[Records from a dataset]
★ ★ ★ ★ ★

(* The sets $A^{\mathbb N}_{fs}$ and $\mathbb N^A_{fs}$ are FSM Tarski I infinite (and hence FSM Tarski III infinite).
   Context: Framework (FSM). Work in ZF with a fixed infinite set $A$ of atoms; $S_A$ is the group of bijections of $A$ fixing all but finitely many atoms, acting on $A$ by evaluation and trivially on $\mathbb N$ and $\{0,1\}$; $Fix(S)$ is the set of $\pi\in S_A$ fixing each element of $S\subseteq A$. For $S_A$-sets $X,Y$, $Y^X_{fs}$ is the set of functions $f:X\to Y$ for which there is a finite $S\subseteq A$ with $f(\pi\cdot x)=\pi\cdot f(x)$ for all $\pi\in Fix(S)$, $x\in X$; it carries the action $(\pi\cdot f)(x)=\pi\cdot f(\pi^{-1}\cdot x)$. Products carry the componentwise action. A set $X$ is FSM Tarski I infinite if there is a finitely supported bijection $X\to X\times X$, and FSM Tarski III infinite if there is a finitely supported bijection between $X$ and $\{0,1\}\times X$. *)

From Stdlib Require Import List.
Import ListNotations.
Set Implicit Arguments.

(* Elements of S_A: bijections of A (given with their inverse) fixing all
   atoms outside a finite list. *)
Record perm (A : Type) := Perm {
  pfun : A -> A;
  pinv : A -> A;
  pfunK : forall a, pinv (pfun a) = a;
  pinvK : forall a, pfun (pinv a) = a;
  psupp : list A;
  psuppP : forall a, ~ In a psupp -> pfun a = a }.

★ ★ ★ ★ ★

**PROBLEM TO WORK ON**
Return each line of the records above exactly as it reads.

**WRITTEN ANSWER**
(* The sets $A^{\mathbb N}_{fs}$ and $\mathbb N^A_{fs}$ are FSM Tarski I infinite (and hence FSM Tarski III infinite).
   Context: Framework (FSM). Work in ZF with a fixed infinite set $A$ of atoms; $S_A$ is the group of bijections of $A$ fixing all but finitely many atoms, acting on $A$ by evaluation and trivially on $\mathbb N$ and $\{0,1\}$; $Fix(S)$ is the set of $\pi\in S_A$ fixing each element of $S\subseteq A$. For $S_A$-sets $X,Y$, $Y^X_{fs}$ is the set of functions $f:X\to Y$ for which there is a finite $S\subseteq A$ with $f(\pi\cdot x)=\pi\cdot f(x)$ for all $\pi\in Fix(S)$, $x\in X$; it carries the action $(\pi\cdot f)(x)=\pi\cdot f(\pi^{-1}\cdot x)$. Products carry the componentwise action. A set $X$ is FSM Tarski I infinite if there is a finitely supported bijection $X\to X\times X$, and FSM Tarski III infinite if there is a finitely supported bijection between $X$ and $\{0,1\}\times X$. *)

From Stdlib Require Import List.
Import ListNotations.
Set Implicit Arguments.

(* Elements of S_A: bijections of A (given with their inverse) fixing all
   atoms outside a finite list. *)
Record perm (A : Type) := Perm {
  pfun : A -> A;
  pinv : A -> A;
  pfunK : forall a, pinv (pfun a) = a;
  pinvK : forall a, pfun (pinv a) = a;
  psupp : list A;
  psuppP : forall a, ~ In a psupp -> pfun a = a }.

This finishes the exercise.